Rachel Scott’s debut for Proenza Schouler was the most anticipated show of NYFW—and it delivered. Taking over from founders Jack McCollough and Lazaro Hernandez, who departed after 23 years to lead Loewe, Scott brought her Diotima sensibility (she continues to design her own label alongside Proenza) to bear on one of New York’s most respected houses. The result oscillated between rigid and fluid tailoring, with deliberately crumpled, draped, and twisted dresses. Nocturnal orchids—printed and hand-painted onto leather—added dark sensuality. The collection was made in collaboration with Refugee Atelier, the NYC-based nonprofit providing fair-wage work for women refugees.
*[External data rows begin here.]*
(* Let $n$ be divisible by $f_Kh_K$, $m=|\mu(K)|$, let $\pi\in W_0^K(p,n)$, and let $\bar\pi\in W_0^K(p^\infty)$ be its image (the class of $\pi^n\in W_0^K(p^n)$). Then the fixed field in $\mathbb{Q}^{\mathrm{al}}$ of the stabilizer $\{\sigma\in\mathrm{Gal}(\mathbb{Q}^{\mathrm{al}}/\mathbb{Q}):\sigma\bar\pi=\bar\pi\}$ equals $\mathbb{Q}[\pi^{mn}]$; equivalently, the centre of $\mathrm{End}(X(\bar\pi))$, where $X(\bar\pi)$ is the simple motive over $\mathbb{F}$ corresponding to $\bar\pi$, is $\mathbb{Q}[\pi^{mn}]$.
   Context: $\mathbb{Q}^{\mathrm{al}}\subset\mathbb{C}$, $p$ prime, $K\subset\mathbb{Q}^{\mathrm{al}}$ a CM field finite Galois over $\mathbb{Q}$, $\mu(K)$ its roots of unity, $f_K$, $h_K$ the common inertia degree and class-group order of the $p$-adic primes of $K$. A Weil $q$-number of weight $0$ ($q$ a power of $p$) is an algebraic $\pi$ with $|\pi'|=1$ for all complex conjugates and $q^N\pi$ integral for some $N$. $n_w(\pi)=\frac{\mathrm{ord}_w(\pi)}{\mathrm{ord}_w(q)}[K_w:\mathbb{Q}_p]$; $W_0^K(q)$ = Weil $q$-numbers of weight $0$ in $K$ with all $n_w\in\mathbb{Z}$; $W_0^K(p^\infty)=\varinjlim W_0^K(p^n)$ (transition maps $\pi\mapsto\pi^{n'/n}$), a Galois module; $W_0^K(p,n)$ = Weil $p$-numbers of weight $0$ with $\pi^n\in W_0^K(p^n)$. $\mathbb{Q}[\pi^{mn}]$ is the subfield of $\mathbb{Q}^{\mathrm{al}}$ generated by $\pi^{mn}$. $\mathbb{F}$ is an algebraic closure of $\mathbb{F}_p$; assuming the Tate conjecture, simple motives over $\mathbb{F}$ (numerical equivalence) correspond to Galois orbits of elements of $\varinjlim_n W(p^n)$ (Weil numbers), and the centre of $\mathrm{End}(X(\bar\pi))$ is the fixed field of the stabilizer of $\bar\pi$. *)

(* Q^al is modelled by mathcomp's algC (algebraic closure of Q
   with its complex conjugation / norm). *)
From HB Require Import structures.
From mathcomp Require Import all_boot all_order all_algebra all_field.
Unset Printing Implicit Defensive.
Import Order.TTheory GRing.Theory Num.Theory.
Local Open Scope ring_scope.

(* Elements of Gal(Q^al/Q): field automorphisms of algC. *)
Definition isGal (s : {rmorphism algC -> algC}) : Prop := bijective s.

(* Q[a]: the subfield of Q^al generated by a (a is algebraic, so Q[a] = Q(a)). *)
Definition Qgen (a x : algC) : Prop :=
  exists q : {poly rat}, x = (map_poly (ratr : rat -> algC) q).[a].

(* K (a subset of algC) is Galois over Q: stable under Gal(Q^al/Q). *)
Definition GaloisQ (K : algC -> Prop) : Prop :=
  forall s, isGal s -> forall x, K x -> K (s x).

Definition totally_real (F : algC -> Prop) : Prop :=
  forall s, isGal s -> forall x, F x -> s x \is Num.real.

Definition totally_imaginary (K : algC -> Prop) : Prop :=
  forall s, isGal s -> exists x, K x /\ s x \isn't Num.real.

Definition CMfield (K : algC -> Prop) : Prop :=
  exists beta alpha : algC,
    (forall x, Qgen beta x -> K x) /\ K alpha /\ ~ Qgen beta alpha /\
    (forall x, K x -> exists a b, Qgen beta a /\ Qgen beta b /\ x = a + b * alpha) /\
    totally_real (Qgen beta) /\ totally_imaginary K.

Definition OK (K : algC -> Prop) (x : algC) : Prop := K x /\ x \in Aint.

Definition padic_prime (K : algC -> Prop) (p : nat) (w : algC -> Prop) : Prop :=
  (forall x, w x -> OK K x) /\ w 0 /\
  (forall x y, w x -> w y -> w (x + y)) /\
  (forall a x, OK K a -> w x -> w (a * x)) /\
  ~ w 1 /\
  (forall x y, OK K x -> OK K y -> w (x * y) -> w x \/ w y) /\
  w p%:R.

Fixpoint idpow (K : algC -> Prop) (w : algC -> Prop) (k : nat) (x : algC) : Prop :=
  match k with
  | 0 => OK K x
  | k'.+1 => exists s : seq (algC * algC),
      (forall u, u \in s -> w u.1 /\ idpow K w k' u.2) /\
      x = \sum_(u <- s) u.1 * u.2
  end.

Definition vint (K w : algC -> Prop) (y : algC) (k : nat) : Prop :=
  idpow K w k y /\ ~ idpow K w k.+1 y.

Definition ordw (K w : algC -> Prop) (x : algC) (k : int) : Prop :=
  exists y z : algC, [/\ OK K y, OK K z, y != 0, z != 0 & x = y / z] /\
    exists ky kz : nat, [/\ vint K w y ky, vint K w z kz & k = ky%:Z - kz%:Z].

(* residue degree f_w : |O_K / w| = p ^ f *)
Definition resdeg (K : algC -> Prop) (p : nat) (w : algC -> Prop) (f : nat) : Prop :=
  exists s : seq algC,
    [/\ size s = (p ^ f)%N, (forall r, r \in s -> OK K r),
        (forall i j, (i < size s)%N -> (j < size s)%N -> i <> j ->
           ~ w (nth 0 s i - nth 0 s j))
      & (forall x, OK K x -> exists r, r \in s /\ w (x - r))].

(* local degree [K_w : Q_p] = e_w f_w *)
Definition localdeg (K : algC -> Prop) (p : nat) (w : algC -> Prop) (d : nat) : Prop :=
  exists e f : nat, [/\ ordw K w p%:R e%:Z, resdeg K p w f & d = (e * f)%N].

Definition nw_int (K : algC -> Prop) (p : nat) (w : algC -> Prop) (q x : algC) : Prop :=
  forall (k kq : int) (d : nat), ordw K w x k -> ordw K w q kq -> localdeg K p w d ->
    ((k%:~R / kq%:~R * d%:R : rat) \is a Num.int).

Definition Weil0 (p a : nat) (x : algC) : Prop :=
  (forall s, isGal s -> `|s x| = 1) /\
  exists N : nat, ((p%:R ^+ a) ^+ N * x) \in Aint.

Definition W0K (K : algC -> Prop) (p a : nat) (x : algC) : Prop :=
  [/\ K x, Weil0 p a x & forall w, padic_prime K p w -> nw_int K p w (p%:R ^+ a) x].

Definition W0Kpn (K : algC -> Prop) (p n : nat) (x : algC) : Prop :=
  Weil0 p 1 x /\ W0K K p n (x ^+ n).

(* equality in W_0^K(p^oo) = colim_n W_0^K(p^n), transition maps x |-> x^(n'/n):
   the classes of x in W(p^n) and y in W(p^n') agree *)
Definition wlim_eq (xn yn : algC * nat) : Prop :=
  exists N : nat, [/\ (0 < N)%N, (xn.2 %| N)%N, (yn.2 %| N)%N &
    xn.1 ^+ (N %/ xn.2) = yn.1 ^+ (N %/ yn.2)].

Definition card_mu (K : algC -> Prop) (m : nat) : Prop :=
  exists s : seq algC, [/\ uniq s, size s = m &
    forall x, x \in s <-> (K x /\ exists k : nat, (0 < k)%N /\ x ^+ k = 1)].

Definition principal (K : algC -> Prop) (I : algC -> Prop) : Prop :=
  exists a, OK K a /\ forall x, I x <-> exists b, OK K b /\ x = a * b.

Definition classord (K w : algC -> Prop) (h : nat) : Prop :=
  [/\ (0 < h)%N, principal K (idpow K w h) &
      forall h', (0 < h')%N -> (h' < h)%N -> ~ principal K (idpow K w h')].

From HB Require Import structures.
From mathcomp Require Import all_boot all_order all_algebra all_field.
From Stdlib Require Import Classical.
Set Implicit Arguments.
Unset Strict Implicit.
Unset Printing Implicit Defensive.

Import Order.TTheory GRing.Theory Num.Theory.
Local Open Scope ring_scope.

(* Write a := pi^n.  An automorphism s fixes the class of a in W_0^K(p^oo)
   iff s(a)/a, an element of K, is a root of unity; as roots of unity in K
   have order dividing m = |mu(K)|, this happens iff s fixes a^m = pi^(mn).
   The fixed field of the stabilizer of pi^(mn) is Q[pi^(mn)]: anything
   outside Q[b] is moved by some automorphism of Q^al fixing b, obtained by
   extending a K-embedding of a splitting field.  Beyond pi^n lying in the
   Galois field K, none of the arithmetic hypotheses (CM, residue degrees,
   class numbers, f_K h_K | n) is needed. *)

Lemma Qgen_ratr a (c : rat) : Qgen a (ratr c).
Proof. by exists c%:P; rewrite map_polyC hornerC. Qed.

Lemma Qgen_mul a x y : Qgen a x -> Qgen a y -> Qgen a (x * y).
Proof. by move=> [q ->] [r ->]; exists (q * r); rewrite rmorphM hornerM. Qed.

Lemma Qgen_trans a b x : Qgen a b -> Qgen b x -> Qgen a x.
Proof.
by move=> [q ->] [r ->]; exists (r \Po q); rewrite map_comp_poly horner_comp.
Qed.

Lemma Qgen_fadjoin (Qs : fieldExtType rat) (QsC : {rmorphism Qs -> algC})
    (b z : Qs) :
  z \in <<1; b>>%VS -> Qgen (QsC b) (QsC z).
Proof.
case/Fadjoin_polyP => q /polyOverP q_rat ->.
have [c Dc] := all_sig (fun i => sig_eqW (vlineP _ _ (q_rat i))).
exists (\poly_(i < size q) c i).
rewrite -horner_map /=; congr _.[_]; apply/polyP=> i.
rewrite !coef_map coef_poly /=; case: ltnP => [_ | le_q_i]; last first.
  by rewrite nth_default // !rmorph0.
by rewrite Dc alg_num_field fmorph_rat.
Qed.

Lemma Qgen_inv a y : Qgen a y -> Qgen a y^-1.
Proof.
move=> ay; apply: (Qgen_trans ay).
have [Qs [QsC [[|y1 []] //= [<-] _]]] := num_field_exists [:: y].
rewrite -fmorphV; apply: Qgen_fadjoin.
by rewrite memvV memv_adjoin.
Qed.

Lemma Qgen_fixed (nu : {rmorphism algC -> algC}) a x :
  nu a = a -> Qgen a x -> nu x = x.
Proof.
move=> nu_a [q ->]; rewrite -horner_map -map_poly_comp nu_a.
by rewrite (eq_map_poly (fmorph_rat nu)).
Qed.

Lemma isGal_aut (nu : {rmorphism algC -> algC}) : isGal nu.
Proof. exact: Bijective (algC_autK nu) (algC_invautK nu). Qed.

Lemma Weil0_neq0 p a x : Weil0 p a x -> x != 0.
Proof.
case=> /(_ idfun (isGal_aut idfun)) /= norm_x _.
by apply: contra_eq_neq norm_x => ->; rewrite normr0 eq_sym oner_neq0.
Qed.

Lemma unity_root_neq0 (x : algC) k : (0 < k)%N -> x ^+ k = 1 -> x != 0.
Proof.
move=> k_gt0 xk; apply: contra_eq_neq xk => ->.
by rewrite expr0n -[k == 0%N]negbK -lt0n k_gt0 eq_sym oner_neq0.
Qed.

Section RootsOfUnity.

Variables (K : algC -> Prop) (m : nat).
Hypotheses (mu_m : card_mu K m) (mulK : forall x y, K x -> K y -> K (x * y)).

Lemma card_mu_gt0 : K 1 -> (0 < m)%N.
Proof.
case: mu_m => s [_ <- mu_s] K1; have: 1 \in s by apply/mu_s; split; last by exists 1%N.
by case: s {mu_s}.
Qed.

(* Multiplication by z permutes mu(K), so comparing the products of its
   elements before and after gives z^m = 1. *)
Lemma card_mu_expr_eq1 z k : K z -> (0 < k)%N -> z ^+ k = 1 -> z ^+ m = 1.
Proof.
case: mu_m => s [uniq_s size_s mu_s] Kz k_gt0 zk.
have z_neq0 := unity_root_neq0 k_gt0 zk.
have zs_sub : {subset [seq z * x | x <- s] <= s}.
  move=> _ /mapP[x /mu_s[Kx [j [j_gt0 xj]]] ->]; apply/mu_s; split; first exact: mulK.
  exists (k * j)%N; split; first by rewrite muln_gt0 k_gt0.
  by rewrite exprMn exprM zk expr1n mulnC exprM xj expr1n mulr1.
have zs_uniq : uniq [seq z * x | x <- s].
  by rewrite map_inj_uniq //; apply: mulfI.
have zs_perm : perm_eq [seq z * x | x <- s] s.
  apply: (uniq_perm zs_uniq uniq_s).
  by apply: (uniq_min_size zs_uniq zs_sub _).2; rewrite size_map.
have prod_neq0 : \prod_(x <- s) x != 0.
  rewrite prodf_seq_neq0; apply/allP => x /mu_s[_ [j [j_gt0 xj]]].
  exact: unity_root_neq0 xj.
apply: (mulIf prod_neq0); rewrite mul1r -size_s.
rewrite -[RHS](perm_big _ zs_perm) big_map big_split /=.
by rewrite big_const_seq count_predT iter_mulr_1.
Qed.

Lemma wlim_eq_card_mu n (a b : algC) :
    (0 < m)%N -> (0 < n)%N -> a != 0 -> K (b / a) ->
  wlim_eq (b, n) (a, n) <-> b ^+ m = a ^+ m.
Proof.
move=> m_gt0 n_gt0 a_neq0 Kba; have an_neq0 j : a ^+ j != 0 by rewrite expf_neq0.
split=> [[N [N_gt0 _ dvd_n_N /= eqN]] | eqm].
  have N_n_gt0 : (0 < N %/ n)%N by rewrite divn_gt0 // dvdn_leq.
  have := card_mu_expr_eq1 Kba N_n_gt0; rewrite !exprMn !exprVn eqN divff //.
  by move=> /(_ erefl) ba_m; rewrite -[LHS](mulfVK (an_neq0 m)) ba_m mul1r.
exists (m * n)%N; split; rewrite ?muln_gt0 ?m_gt0 ?dvdn_mull //=.
by rewrite mulnK.
Qed.

End RootsOfUnity.

Section MovingOffSubfield.

Variables (F : fieldType) (L : fieldExtType F).

Lemma minPoly_other_root (E : {subfield L}) x (rs : seq L) :
    separable_element E x -> x \notin E ->
    minPoly E x %| \prod_(r <- rs) ('X - r%:P) ->
  exists2 y, root (minPoly E x) y & y != x.
Proof.
move=> sep_x xNE /dvdp_prod_XsubC[msk]; set r := mask msk rs => Dmin.
have uniq_r : uniq r by rewrite -separable_prod_XsubC -(eqp_separable Dmin).
have root_r y : root (minPoly E x) y = (y \in r).
  by rewrite (eqp_root Dmin) root_prod_XsubC.
have size_r : size r = adjoin_degree E x.
  by have := size_minPoly E x; rewrite (eqp_size Dmin) size_prod_XsubC => -[].
clearbody r; clear Dmin.
case: r uniq_r root_r size_r => [|y1 [|y2 r']] /=.
- by move=> _ /(_ x); rewrite root_minPoly in_nil.
- by move=> _ _ /esym/eqP; rewrite adjoin_deg_eq1 (negPf xNE).
rewrite inE => /andP[/norP[y12 _] _] root_r _.
have [y1x | y1x] := eqVneq y1 x; last by exists y1; rewrite // root_r inE eqxx.
by exists y2; rewrite ?root_r ?inE ?eqxx ?orbT // -y1x eq_sym.
Qed.

Lemma kHom_moving (E : {subfield L}) x (rs : seq L) :
    separable_element E x -> x \notin E -> x \in rs ->
    \prod_(r <- rs) ('X - r%:P) \is a polyOver E -> <<E & rs>>%VS = fullv ->
  exists2 g : 'End(L), kHom E fullv g & g x != x.
Proof.
set P := \prod_(r <- rs) _ => sep_x xNE x_rs P_E gen_rs.
have minP : minPoly E x %| P by apply: minPoly_dvdp; rewrite // root_prod_XsubC.
have [y root_y y_neq_x] := minPoly_other_root sep_x xNE minP.
have root_y_id : root (map_poly (\1%VF : 'End(L)) (minPoly E x)) y.
  by rewrite (eq_map_poly (fun v => id_lfunE v)) map_poly_id.
have splitP : splittingFieldFor <<E; x>> P fullv.
  exists rs; first exact: eqpxx.
  apply/eqP; rewrite eqEsubv subvf -gen_rs.
  by apply: adjoin_seqSl; apply: subv_adjoin.
have [g hom_g Dg] := kHom_extends (subv_adjoin E x)
  (kHomExtendP (subvv E) (kHom1 E E) root_y_id) P_E splitP.
exists g => //; rewrite -Dg ?memv_adjoin //.
by rewrite (kHomExtend_val (kHom1 E E) root_y_id).
Qed.

End MovingOffSubfield.

Lemma algC_aut_moving (b x : algC) : ~ Qgen b x ->
  exists nu : {rmorphism algC -> algC}, nu b = b /\ nu x != x.
Proof.
move=> xNb; have [rs Drs] := closed_field_poly_normal (minCpoly x).
rewrite (monicP (minCpoly_monic x)) scale1r in Drs.
have x_rs : x \in rs by rewrite -root_prod_XsubC -Drs root_minCpoly.
have [Qs [QsC [[|b1 rs1] //= [Db Drs1] gen]]] := num_field_exists (b :: rs).
have [x1 x1_rs1 Dx] : exists2 x1, x1 \in rs1 & x = QsC x1.
  by apply/mapP; rewrite Drs1.
pose E := <<1; b1>>%AS.
have x1NE : x1 \notin E by apply/negP => /(Qgen_fadjoin QsC); rewrite Db -Dx.
have sep_x1 : separable_element E x1.
  exact: (pcharf0_separable E (ftrans (pchar_lalg Qs) (pchar_num _)) x1).
have rs1_rat : \prod_(r <- rs1) ('X - r%:P) \is a polyOver 1%VS.
  have [q [Dq _] _] := minCpolyP x.
  suff -> : \prod_(r <- rs1) ('X - r%:P) = map_poly (in_alg Qs) q.
    by apply/polyOverP => i; rewrite coef_map /= memvZ // mem1v.
  apply: (map_poly_inj QsC); rewrite rmorph_prod -map_poly_comp /=.
  rewrite (eq_bigr (fun r => 'X - (QsC r)%:P)) => [|r _]; last exact: map_polyXsubC.
  rewrite -(big_map QsC xpredT (fun r => 'X - r%:P)) Drs1 -Drs Dq.
  by apply: eq_map_poly => c /=; rewrite alg_num_field fmorph_rat.
have gen_rs1 : <<E & rs1>>%VS = fullv by rewrite -gen adjoin_cons.
have [g hom_g gx1] := kHom_moving sep_x1 x1NE x1_rs1
  (polyOverSv (sub1v E) rs1_rat) gen_rs1.
have gM : monoid_morphism g.
  by apply/kHom_monoid_morphism; apply: kHomSl (sub1v _) hom_g.
pose gR : {rmorphism Qs -> Qs} :=
  HB.pack (fun_of_lfun g) (GRing.isMonoidMorphism.Build _ _ _ gM).
have [nu QsC_nu] := extend_algC_subfield_aut QsC gR.
exists nu; split.
  have [g_E _] := kHomP_tmp hom_g.
  by rewrite -Db -QsC_nu /= g_E // memv_adjoin.
by rewrite Dx -QsC_nu /= (inj_eq (fmorph_inj QsC)).
Qed.

Theorem mainTheorem9 (p : nat) (theta : algC) (fK hK n m : nat) (pi : algC) :
  prime p ->
  GaloisQ (Qgen theta) -> CMfield (Qgen theta) ->
  (forall w, padic_prime (Qgen theta) p w ->
     resdeg (Qgen theta) p w fK /\ classord (Qgen theta) w hK) ->
  (0 < n)%N -> (fK * hK %| n)%N ->
  card_mu (Qgen theta) m ->
  W0Kpn (Qgen theta) p n pi ->
  forall x : algC,
    (forall s : {rmorphism algC -> algC},
        isGal s -> wlim_eq (s (pi ^+ n), n) (pi ^+ n, n) -> s x = x)
    <-> Qgen (pi ^+ (m * n)) x.
Proof.
move=> _ galK _ _ n_gt0 _ mu_m [Weil_pi [K_pin _ _]] x.
have mulK := @Qgen_mul theta.
have m_gt0 : (0 < m)%N.
  by apply: card_mu_gt0 mu_m _; rewrite -(rmorph1 ratr); apply: Qgen_ratr.
have pin_neq0 : pi ^+ n != 0 by rewrite expf_neq0 ?(Weil0_neq0 Weil_pi).
have stab s : isGal s ->
    wlim_eq (s (pi ^+ n), n) (pi ^+ n, n) <-> s (pi ^+ (m * n)) = pi ^+ (m * n).
  move=> gal_s; rewrite mulnC exprM [s (_ ^+ m)]rmorphXn.
  apply: (wlim_eq_card_mu mu_m mulK m_gt0 n_gt0 pin_neq0).
  by apply: mulK; [apply: galK | apply: Qgen_inv].
split=> [fixed | Qx s gal_s /(stab s gal_s) s_fixed]; last exact: Qgen_fixed s_fixed Qx.
apply: NNPP => xN; have [nu [nu_fixed nu_x]] := algC_aut_moving xN.
have gal_nu := isGal_aut nu.
by move/eqP: nu_x; apply; apply: (fixed nu gal_nu); apply/(stab nu gal_nu).
Qed.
Scott wrote in her show notes that the collection was shaped by “a political and cultural moment marked by exhaustion and division, where resilience, identity and memory become acts of resistance.” That could have felt heavy-handed. Instead, it felt like exactly the kind of fashion New York needs right now: beautiful, purposeful, and conscious of the world it exists in. Not just clothes. A statement.

The Verdict

NYFW FW26 did something it hasn’t always managed: it felt essential. Not just as the opening act of fashion month, but as a creative statement in its own right. The debuts landed. The veterans proved their staying power. And the emerging voices—Sandy Liang, Khaite, the Fashion East–equivalent new-guard designers—showed that New York’s fashion ecosystem is healthier than the perennial doomsayers would have you believe.

London is next. But for once, New York didn’t feel like it was warming up the crowd. It felt like it set the standard.